Trump supporters break TV equipment during the Capitol Hill siege (Image: AP/Jose Luis Magana)

Who would have thought 2021 would start with social media users suggesting it was appropriate to kill politicians by firing squad or hang them after Donald Trump lost the US presidential election?

Well it’s what’s happening across social media with posts of this nature targeting both sides of US politics.

One Twitter user disputed calling the Capitol riots on January 6 an insurrection: “If [the rioters] were ‘insurrectionists, Old Sleepy Joes would be hanging from a lamp post.”

Trump was cut off from major social media platforms such as Twitter, Facebook and YouTube as a direct resulting of inciting rioters. Many of his followers were bumped off Twitter, and major technology companies such as Apple, Google and Amazon booted Parler, a platform used as a conservative rallying point.

The encrypted messaging app Telegram has reaped the benefits of the turmoil. The platform announced on Wednesday that it now has more than 500 million users — more than 25 million had joined in the preceding 72 hours. That was the period in which Parler’s apps and website were removed by hosts.

President-elect Joe Biden was not the only person to cop the violent rhetoric. Vice-President Mike Pence was the subject of “Hang Mike Pence” chants on the day of the riot.

Reuters’ Jim Bourg tweeted on January 9: “I heard at least 3 different rioters at the Capitol say that they hoped to find Vice President Mike Pence and execute him by hanging him from a Capitol Hill tree as a traitor. It was a common line being repeated. Many more were just talking about how the VP should be executed.”

Another Twitter user said — in a response to a post by far right news site Breitbart quoting Democrat Congressman Hakeem Jeffries demanding the removal of Trump — that a revolution could result in people like the congressman being executed.

Twitter boss Jack Dorsey also got the extremists’ treatment online after Trump was banned from the site. One user called for him to be dealt with in very graphic terms.

But Trump has also featured in memes and posts. A picture of him apparently posing with law enforcement was likened to a photo of Italian dictator Benito Mussolini. It was suggested he should meet the same end.

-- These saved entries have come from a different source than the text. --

(* Let $\theta,\eta\in\mathbb{R}$, $\gamma,\beta\in\mathbb{R}$. The inequality $\int_0^tu^{-\eta}[h^{-1}(1/u)]^{\gamma}(t-u)^{-\theta}[h^{-1}(1/(t-u))]^{\beta}\,du\le c\,t^{1-\eta-\theta}[h^{-1}(1/t)]^{\gamma+\beta}$ holds: (i) for all $t>0$, whenever $\beta,\gamma\ge0$, $\beta/2+1-\theta>0$ and $\gamma/2+1-\eta>0$, with $c=B(\beta/2+1-\theta,\gamma/2+1-\eta)$; (ii) if $h$ satisfies $h(r)\le C_h\lambda^{\alpha_h}h(\lambda r)$ for all $\lambda\le1$, $r\le1$ (some $\alpha_h\in(0,2]$, $C_h\ge1$), then for every $T>0$, all $t\in(0,T]$ and all $\beta,\gamma\in\mathbb{R}$ with $(\beta/2)\wedge(\beta/\alpha_h)+1-\theta>0$ and $(\gamma/2)\wedge(\gamma/\alpha_h)+1-\eta>0$, with $c=(C_h[h^{-1}(1/T)\vee1]^2)^{-(\beta\wedge0+\gamma\wedge0)/\alpha_h}\,B\big((\beta/2)\wedge(\beta/\alpha_h)+1-\theta,\,(\gamma/2)\wedge(\gamma/\alpha_h)+1-\eta\big)$.
   Context: Let $d\in\mathbb{N}$ and let $\nu:[0,\infty)\to[0,\infty]$ be non-increasing with $\int_{\mathbb{R}^d}(1\wedge|x|^2)\nu(|x|)\,dx<\infty$. For $r>0$ let $h(r)=\int_{\mathbb{R}^d}\big(1\wedge \tfrac{|x|^2}{r^2}\big)\nu(|x|)\,dx$; assume $h(0^+)=\infty$, so $h$ is a continuous strictly decreasing bijection of $(0,\infty)$ onto $(0,\infty)$ with inverse $h^{-1}$. $B(a,b)=\int_0^1s^{a-1}(1-s)^{b-1}ds$ is the Beta function. *)

From Stdlib Require Import Reals Lra ClassicalEpsilon.
Open Scope R_scope.

Definition imp_int_ab (f : R -> R) (a b l : R) : Prop :=
  a < b /\
  (forall x y, a < x -> x <= y -> y < b -> inhabited (Riemann_integrable f x y)) /\
  (forall eps, 0 < eps -> exists del, 0 < del /\
     forall x y (pr : Riemann_integrable f x y),
       a < x -> x < a + del -> b - del < y -> y < b -> x <= y ->
       Rabs (RiemannInt pr - l) < eps).
(* Let $r,K,\alpha,\phi,c,m_1,m_2,\lambda,a,d,\delta,\gamma,\sigma,\eta$ be positive constants with $\phi<1$ and $m_1>m_2$, and consider the system \[ \begin{cases} \dot X = rX\left(1-\frac{X}{K}\right)-\frac{\alpha XS}{c+X}-\frac{\phi\alpha XI}{c+X},\\[1mm] \dot S = \frac{m_1\alpha XS}{c+X}-\frac{\lambda AS}{a+A}-dS,\\[1mm] \dot I = \frac{m_2\phi\alpha XI}{c+X}+\frac{\lambda AS}{a+A}-(d+\delta)I,\\[1mm] \dot A = \gamma+\sigma(S+I)-\eta A. \end{cases} \] Then the axial equilibrium $E_0=(0,0,0,\gamma/\eta)$ is always unstable. *)

From Stdlib Require Import Reals.
From Coquelicot Require Import Coquelicot.
Open Scope R_scope.

Definition fX (r K alpha phi c : R) (X S I A : R) : R :=
  r * X * (1 - X / K) - alpha * X * S / (c + X) - phi * alpha * X * I / (c + X).
Definition fS (alpha c m1 lambda a d : R) (X S I A : R) : R :=
  m1 * alpha * X * S / (c + X) - lambda * A * S / (a + A) - d * S.
Definition fI (alpha phi c m2 lambda a d delta : R) (X S I A : R) : R :=
  m2 * phi * alpha * X * I / (c + X) + lambda * A * S / (a + A) - (d + delta) * I.
Definition fA (gamma sigma eta : R) (X S I A : R) : R :=
  gamma + sigma * (S + I) - eta * A.

Definition dist4 (x1 x2 x3 x4 y1 y2 y3 y4 : R) : R :=
  sqrt ((x1 - y1)^2 + (x2 - y2)^2 + (x3 - y3)^2 + (x4 - y4)^2).

Definition is_forward_solution
  (r K alpha phi c m1 m2 lambda a d delta gamma sigma eta : R)
  (X S I A : R -> R) : Prop :=
  forall t, 0 <= t ->
    is_derive X t (fX r K alpha phi c (X t) (S t) (I t) (A t)) /\
    is_derive S t (fS alpha c m1 lambda a d (X t) (S t) (I t) (A t)) /\
    is_derive I t (fI alpha phi c m2 lambda a d delta (X t) (S t) (I t) (A t)) /\
    is_derive A t (fA gamma sigma eta (X t) (S t) (I t) (A t)).

Definition lyapunov_unstable
  (r K alpha phi c m1 m2 lambda a d delta gamma sigma eta : R)
  (e1 e2 e3 e4 : R) : Prop :=
  exists eps, 0 < eps /\
   forall del, 0 < del ->
   exists X S I A : R -> R,
     is_forward_solution r K alpha phi c m1 m2 lambda a d delta gamma sigma eta X S I A /\
     dist4 (X 0) (S 0) (I 0) (A 0) e1 e2 e3 e4 < del /\
     exists t, 0 <= t /\ eps <= dist4 (X t) (S t) (I t) (A t) e1 e2 e3 e4.

(** Along the invariant half-line S = I = 0, A = gamma/eta the system reduces
    to the logistic equation X' = r X (1 - X/K), whose explicit solution starting
    at any 0 < x0 <= K/2 climbs to K/2.  So arbitrarily close to the axial
    equilibrium there are trajectories leaving its (K/2)-ball: the equilibrium
    repels along the prey axis, where the linearisation has eigenvalue r > 0. *)
From Stdlib Require Import Reals Lra.
From Coquelicot Require Import Coquelicot.
Open Scope R_scope.

Definition logistic (r K x0 t : R) : R :=
  K * x0 * exp (r * t) / (K - x0 + x0 * exp (r * t)).

Section Logistic.

Variables r K x0 : R.
Hypotheses (Hx0 : 0 < x0) (Hx0K : x0 < K).

Lemma logistic_denom_pos (t : R) : 0 < K - x0 + x0 * exp (r * t).
Proof. pose proof (exp_pos (r * t)). nra. Qed.

Lemma logistic_0 : logistic r K x0 0 = x0.
Proof. unfold logistic. rewrite Rmult_0_r, exp_0. field. lra. Qed.

Lemma is_derive_logistic (t : R) :
  is_derive (logistic r K x0) t
    (r * logistic r K x0 t * (1 - logistic r K x0 t / K)).
Proof.
  pose proof (logistic_denom_pos t). unfold logistic.
  auto_derive; [lra |]. field. lra.
Qed.

Definition logistic_half_time : R := ln ((K - x0) / x0) / r.

Lemma logistic_half_time_ge0 : 0 < r -> x0 <= K / 2 -> 0 <= logistic_half_time.
Proof.
  intros Hr Hx0half. unfold logistic_half_time.
  apply Rdiv_le_0_compat; [| exact Hr].
  rewrite <- ln_1. apply ln_le; [lra |].
  apply Rcomplements.Rle_div_r; lra.
Qed.

Lemma logistic_at_half_time : r <> 0 -> logistic r K x0 logistic_half_time = K / 2.
Proof.
  intros Hr. unfold logistic, logistic_half_time.
  replace (r * (ln ((K - x0) / x0) / r)) with (ln ((K - x0) / x0)) by (field; exact Hr).
  rewrite exp_ln by (apply Rdiv_lt_0_compat; lra).
  field. lra.
Qed.

End Logistic.

Lemma dist4_axial (x g : R) : dist4 x 0 0 g 0 0 0 g = Rabs x.
Proof.
  unfold dist4.
  replace ((x - 0) ^ 2 + (0 - 0) ^ 2 + (0 - 0) ^ 2 + (g - g) ^ 2) with (Rsqr x)
    by (unfold Rsqr; ring).
  apply sqrt_Rsqr_abs.
Qed.

Lemma logistic_axial_forward_solution
  (r K alpha phi c m1 m2 lambda a d delta gamma sigma eta x0 : R) :
  eta <> 0 -> 0 < x0 < K ->
  is_forward_solution r K alpha phi c m1 m2 lambda a d delta gamma sigma eta
    (logistic r K x0) (fun _ => 0) (fun _ => 0) (fun _ => gamma / eta).
Proof.
  intros Heta [Hx0 Hx0K] t _.
  split; [| split; [| split]].
  - unfold fX.
    replace (r * logistic r K x0 t * (1 - logistic r K x0 t / K)
             - alpha * logistic r K x0 t * 0 / (c + logistic r K x0 t)
             - phi * alpha * logistic r K x0 t * 0 / (c + logistic r K x0 t))
      with (r * logistic r K x0 t * (1 - logistic r K x0 t / K))
      by (unfold Rdiv; ring).
    exact (is_derive_logistic r K x0 Hx0 Hx0K t).
  - unfold fS. auto_derive; [easy |]. unfold Rdiv. ring.
  - unfold fI. auto_derive; [easy |]. unfold Rdiv. ring.
  - unfold fA. auto_derive; [easy |]. field. exact Heta.
Qed.

Theorem theorem2
  (r K alpha phi c m1 m2 lambda a d delta gamma sigma eta : R)
  (Hr : 0 < r) (HK : 0 < K) (Halpha : 0 < alpha) (Hphi : 0 < phi) (Hc : 0 < c)
  (Hm1 : 0 < m1) (Hm2 : 0 < m2) (Hlambda : 0 < lambda) (Ha : 0 < a) (Hd : 0 < d)
  (Hdelta : 0 < delta) (Hgamma : 0 < gamma) (Hsigma : 0 < sigma) (Heta : 0 < eta)
  (Hphi1 : phi < 1) (Hm12 : m2 < m1) :
  lyapunov_unstable r K alpha phi c m1 m2 lambda a d delta gamma sigma eta
    0 0 0 (gamma / eta).
Proof.
  exists (K / 2). split; [lra |].
  intros del Hdel.
  set (x0 := Rmin (del / 2) (K / 2)).
  assert (Hx0 : 0 < x0) by (apply Rmin_glb_lt; lra).
  assert (Hx0K : x0 <= K / 2) by apply Rmin_r.
  assert (Hx0del : x0 <= del / 2) by apply Rmin_l.
  exists (logistic r K x0), (fun _ => 0), (fun _ => 0), (fun _ => gamma / eta).
  split; [| split].
  - apply logistic_axial_forward_solution; lra.
  - rewrite dist4_axial, logistic_0, Rabs_pos_eq; lra.
  - exists (logistic_half_time r K x0). split.
    + apply logistic_half_time_ge0; lra.
    + rewrite dist4_axial, logistic_at_half_time, Rabs_pos_eq; lra.
Qed.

If you think this is a phenomenon that has infected public discourse only in the US, think again. Telegram groups set up for those seeking to protest against the Victorian lockdown featured similar sentiments about political figures.

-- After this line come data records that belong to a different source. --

(* Mass never leaves the absorbing set, so the outside mass is nonincreasing. *)
Lemma mass_out_step_le mu P : absorbing P -> (forall w, 0 <= mu w) ->
  mass_out (step mu P) <= mass_out mu.
Proof.
move=> aP mu0; rewrite /mass_out /step exchange_big /=.
rewrite [X in _ <= X]big_mkcond /=; apply: ler_sum => w _.
rewrite -big_distrr /=; case: ifP => wE.
  rewrite -[X in _ <= X]mulr1 ler_wpM2l //.
  have [[_ P1] _] := aP; rewrite -(P1 w); exact: mass_out_le_mass (fun v => aP.1.1 w v).
rewrite inE in wE; move/negbFE: wE => wE.
rewrite big1 ?mulr0 // => v vE; rewrite absorbing_row // /dirac_chi.
by case: eqP => // eq; move: vE; rewrite eq inE wE.
Qed.

Lemma mass_out_evolve_contract mu Q n z : (forall j, absorbing (Q j)) ->
  (forall w, 0 <= mu w) ->
  (forall w, w \in ~: E -> mass_out (evolve (dirac_chi R w) Q n) <= z) ->
  mass_out (evolve mu Q n) <= z * mass_out mu.
Proof.
move=> aQ mu0 Hz.
have -> : mass_out (evolve mu Q n) =
    \sum_w mu w * mass_out (evolve (dirac_chi R w) Q n).
  rewrite /mass_out; under eq_bigr => v _ do rewrite evolve_linear.
  by rewrite exchange_big /=; apply: eq_bigr => w _; rewrite big_distrr.
rewrite /mass_out big_distrr /= [X in _ <= X]big_mkcond /=.
apply: ler_sum => w _; case: ifP => wE.
  by rewrite mulrC ler_wpM2r // Hz.
rewrite inE in wE; move/negbFE: wE => wE.
by rewrite evolve_dirac_absorbing // -/(mass_out _) mass_out_dirac_absorbing ?mulr0.
Qed.
Theorem lemma2p6 (k : comNzRingType) (A U V : algType k)
  (sU tU : A -> U) (DU : U -> seq (U * U)) (eU : U -> A)
  (sV tV : A -> V) (DV : V -> seq (V * V)) (eV : V -> A)
  (pi : U -> V) :
  is_left_hopf_algebroid sU tU DU eU ->
  is_left_hopf_algebroid sV tV DV eV ->
  is_bialgebroid_morphism sU tU DU eU sV tV DV eV pi ->
  (forall v : V, exists u : U, pi u = v) ->
  let B := left_hopf_kernel tU DU sV pi in
  [/\ [/\ B 0, B 1,
          forall b b', B b -> B b' -> B (b - b') &
          forall b b', B b -> B b' -> B (b * b')],
      forall a, B (sU a) &
      forall a b, B b -> tU a * b = b * tU a] /\
  [/\ forall u b l1 l2, B b ->
        teqL sU tU (galois_map DU l1) [:: (u, 1)] ->
        teqL sU tU (galois_map DU l2) [:: (u, 1)] ->
        \sum_(p <- l1) p.1 * b * p.2 = \sum_(p <- l2) p.1 * b * p.2,
      forall u b, B b -> B (hact sU tU DU u b),
      [/\ forall u v b, B b ->
            hact sU tU DU (u + v) b = hact sU tU DU u b + hact sU tU DU v b,
          forall (c : k) u b, B b -> hact sU tU DU (c *: u) b = c *: hact sU tU DU u b,
          forall u b b', B b -> B b' ->
            hact sU tU DU u (b + b') = hact sU tU DU u b + hact sU tU DU u b',
          forall b, B b -> hact sU tU DU 1 b = b &
          forall u v b, B b ->
            hact sU tU DU (u * v) b = hact sU tU DU u (hact sU tU DU v b)],
      (* the action descends to |>U<| (x)_{A^e} >B<| *)
      [/\ forall u a b, B b -> hact sU tU DU (u * sU a) b = hact sU tU DU u (sU a * b) &
          forall u a b, B b -> hact sU tU DU (u * tU a) b = hact sU tU DU u (b * sU a)] &
      [/\ forall u, hact sU tU DU u 1 = sU (eU u) &
          forall u b b', B b -> B b' ->
            hact sU tU DU u (b * b') =
            \sum_(p <- DU u) hact sU tU DU p.1 b * hact sU tU DU p.2 b']].
Proof.
move=> [HBU Hinj Hsurj] [HBV _ _] [[pa _ pm p1] ps _ pe _] _ B.
have bt b : B b -> forall a, tU a * b = b * tU a.
  by move=> hb a; apply: (kernel_tcomm HBU HBV pm ps pe).
split; split.
- split; [exact: kernel0 HBU pa pm ps | exact: kernel1 HBU pa pm p1 ps
         | exact: kernelB HBU pa pm ps | exact: kernelM HBU HBV pa pm ps pe].
- exact: kernel_s HBU pa pm p1 ps.
- by move=> a b /bt.
- by move=> u b l1 l2 /bt /hact_wd; apply.
- exact: kernel_hact HBU Hinj Hsurj HBV pa pm p1 ps pe.
- split=> [u v b /bt bt'|c u b /bt bt'|u b b' _ _|b /bt bt'|u v b /bt bt'].
  + by rewrite (hactDl Hinj Hsurj bt').
  + by rewrite (hactZl HBU Hinj Hsurj bt').
  + by rewrite hactDr.
  + by rewrite (hact1l HBU Hinj Hsurj bt').
  + by rewrite (hactMl HBU Hinj Hsurj bt').
- split=> u a b /bt bt'.
  + by rewrite (hact_sr HBU Hinj Hsurj bt').
  + by rewrite (hact_tr HBU Hinj Hsurj bt').
- split=> [u|u b b' /bt bt' /bt bt''].
  + by rewrite (hact_unit HBU Hsurj).
  + by rewrite (hactM HBU Hinj Hsurj u bt' bt'').
Qed.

One poster said: “Hanging politicians from lamp posts outside parliament house will be all the rage I hear in 2021 and also a cultural thing.”

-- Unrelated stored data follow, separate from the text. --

(** For each [x] in
    [X], push [mu] forward along [a |-> t_a(x)] and sparsify it in [X]; call [a] and
    [b] related when [t_a(x)] and [t_b(x)] lie in the same piece for [w]-almost all
    [x].  Separation and diameter bounds pass to [d_w], a [w]-limit of
    [d(t_a(x), t_b(x))].  For the mass, [mu] is concentrated up to [eps] on the finitely
    many points reached by translations of displacement at most [K], and on a finite
    set the [w]-limit of membership is attained at a single [x].  That [d_w] is
    well defined rests on bounded geometry: two translations with the same limit
    agree [w]-almost everywhere, as a bounded coloring of [X] shows. *)

From Stdlib Require Import Reals.
From Stdlib Require Import Lra Lia List ClassicalEpsilon Classical
  FunctionalExtensionality PropExtensionality ProofIrrelevance Cantor.
Open Scope R_scope.

Lemma pred_ext {T : Type} (P Q : T -> Prop) : (forall x, P x <-> Q x) -> P = Q.
Proof.
  intro H. apply functional_extensionality; intro x.
  apply propositional_extensionality; auto.
Qed.

Lemma mu_ext {T : Type} (mu : (T -> Prop) -> R) (P Q : T -> Prop) :
  (forall x, P x <-> Q x) -> mu P = mu Q.
Proof. intro H. now rewrite (pred_ext P Q H). Qed.

Lemma sum_f_R0_const (a : R) (n : nat) : sum_f_R0 (fun _ => a) n = INR (S n) * a.
Proof.
  induction n as [|n IH]; simpl sum_f_R0; [simpl; lra|].
  rewrite IH, !S_INR. lra.
Qed.

Lemma infinite_sum_two (s : nat -> R) :
  (forall n, (2 <= n)%nat -> s n = 0) -> infinite_sum s (s 0%nat + s 1%nat).
Proof.
  intros Hz eps Heps. exists 1%nat. intros n Hn.
  assert (Hsum : sum_f_R0 s n = s 0%nat + s 1%nat).
  { induction n as [|n IH]; [lia|]. destruct n; [simpl; lra|].
    change (sum_f_R0 s (S (S n))) with (sum_f_R0 s (S n) + s (S (S n))).
    rewrite (Hz (S (S n))), IH by lia. lra. }
  unfold Rdist. rewrite Hsum, Rminus_diag, Rabs_R0. exact Heps.
Qed.

Section FiniteMeasure.

Variables (T : Type) (mu : (T -> Prop) -> R).
Hypothesis Hmu : finite_pos_measure mu.

Lemma mu_ge0 (A : T -> Prop) : 0 <= mu A.
Proof. exact (proj1 Hmu A). Qed.

Lemma mu_empty : mu (fun _ => False) = 0.
Proof.
  set (a := mu (fun _ => False)).
  assert (Hsum : infinite_sum (fun _ => a) a).
  { pose proof (proj2 Hmu (fun _ _ => False) ltac:(intros; contradiction)) as H.
    rewrite (mu_ext mu _ (fun _ => False)) in H; [exact H|].
    intro x; split; [intros [_ []] | intros []]. }
  destruct (Rle_lt_or_eq_dec 0 a (mu_ge0 _)) as [Hpos|]; [exfalso|auto].
  destruct (Hsum a Hpos) as [N HN]. specialize (HN (S N) (Nat.le_succ_diag_r N)).
  unfold Rdist in HN. rewrite sum_f_R0_const, !S_INR in HN.
  pose proof (pos_INR N). rewrite Rabs_right in HN by nra. nra.
Qed.

Lemma mu_union_disjoint (A B : T -> Prop) :
  (forall x, A x -> B x -> False) -> mu (fun x => A x \/ B x) = mu A + mu B.
Proof.
  intro Hdis.
  set (S n := match n with 0%nat => A | 1%nat => B | _ => fun _ => False end).
  assert (HS : forall i j x, i <> j -> S i x -> S j x -> False).
  { intros [|[|i]] [|[|j]] x Hij; simpl; intros; try lia; eauto. }
  pose proof (proj2 Hmu S HS) as Hsum.
  rewrite (mu_ext mu _ (fun x => A x \/ B x)) in Hsum.
  - apply (uniqueness_sum _ _ _ Hsum), infinite_sum_two.
    intros [|[|n]] Hn; [lia|lia|exact mu_empty].
  - intro x; split.
    + intros [[|[|n]] Hn]; simpl in Hn; tauto.
    + intros [H|H]; [exists 0%nat | exists 1%nat]; exact H.
Qed.

Lemma mu_split (A B : T -> Prop) :
  mu A = mu (fun x => A x /\ B x) + mu (fun x => A x /\ ~ B x).
Proof.
  rewrite <- mu_union_disjoint by tauto.
  apply mu_ext. intro x. destruct (classic (B x)); tauto.
Qed.

Lemma mu_mono (A B : T -> Prop) : (forall x, A x -> B x) -> mu A <= mu B.
Proof.
  intro HAB. rewrite (mu_split B A), (mu_ext mu (fun x => B x /\ A x) A) by firstorder.
  pose proof (mu_ge0 (fun x => B x /\ ~ A x)). lra.
Qed.

(** Continuity from below, stated for the complements of an increasing cover. *)
Lemma mu_compl_exhaustion_lt (G : nat -> T -> Prop) :
  (forall k x, G k x -> G (S k) x) -> (forall x, exists k, G k x) ->
  forall eps, 0 < eps -> exists K, mu (fun x => ~ G K x) < eps.
Proof.
  intros Hinc Hcov eps Heps.
  assert (Hle : forall k k' x, (k <= k')%nat -> G k x -> G k' x)
    by (intros k k' x Hk; induction Hk; auto).
  set (L n := match n with O => G O | S k => fun x => G (S k) x /\ ~ G k x end).
  assert (HL : forall i j x, i <> j -> L i x -> L j x -> False).
  { enough (H : forall i j x, (i < j)%nat -> L i x -> L j x -> False).
    { intros i j x Hij. destruct (Nat.lt_total i j) as [|[|]]; eauto. }
    intros i [|j] x Hij Hi Hj; [lia|]. apply (proj2 Hj).
    destruct i; [|destruct Hi as [Hi _]]; (eapply Hle; [|exact Hi]; lia). }
  assert (Hpartial : forall K, sum_f_R0 (fun n => mu (L n)) K = mu (G K)).
  { induction K as [|K IH]; [reflexivity|]. simpl sum_f_R0. rewrite IH.
    rewrite <- mu_union_disjoint by (intros x ? [_ ?]; auto).
    apply mu_ext. intro x. simpl. destruct (classic (G K x)); firstorder. }
  pose proof (proj2 Hmu L HL) as Hsum.
  rewrite (mu_ext mu _ (fun _ => True)) in Hsum.
  2:{ intro x; split; [auto|intros _]. destruct (Hcov x) as [k Hk]. clear Hcov.
      induction k as [|k IH]; [exists O; exact Hk|].
      destruct (classic (G k x)); [auto | exists (S k); simpl; auto]. }
  destruct (Hsum eps Heps) as [K HK]. exists K. specialize (HK K (le_n K)).
  rewrite Hpartial in HK. unfold Rdist in HK.
  rewrite (mu_split (fun _ => True) (G K)) in HK.
  rewrite (mu_ext mu (fun x => True /\ G K x) (G K)),
    (mu_ext mu (fun x => True /\ ~ G K x) (fun x => ~ G K x)) in HK by tauto.
  replace (mu (G K) - (mu (G K) + mu (fun x => ~ G K x)))
    with (- mu (fun x => ~ G K x)) in HK by ring.
  rewrite Rabs_Ropp, Rabs_right in HK by (apply Rle_ge, mu_ge0). exact HK.
Qed.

This kind of extremist talk is not without precedent, however, and features prominently in white supremacist hate literature. 

A 1978 white supremacist novel The Turner Diaries — written by William Luther Pierce and published under the pseudonym Andrew Macdonald — featured a “Day of the Rope” concept for “race traitors” such as journalists and politicians to be executed after a white supremacist revolution.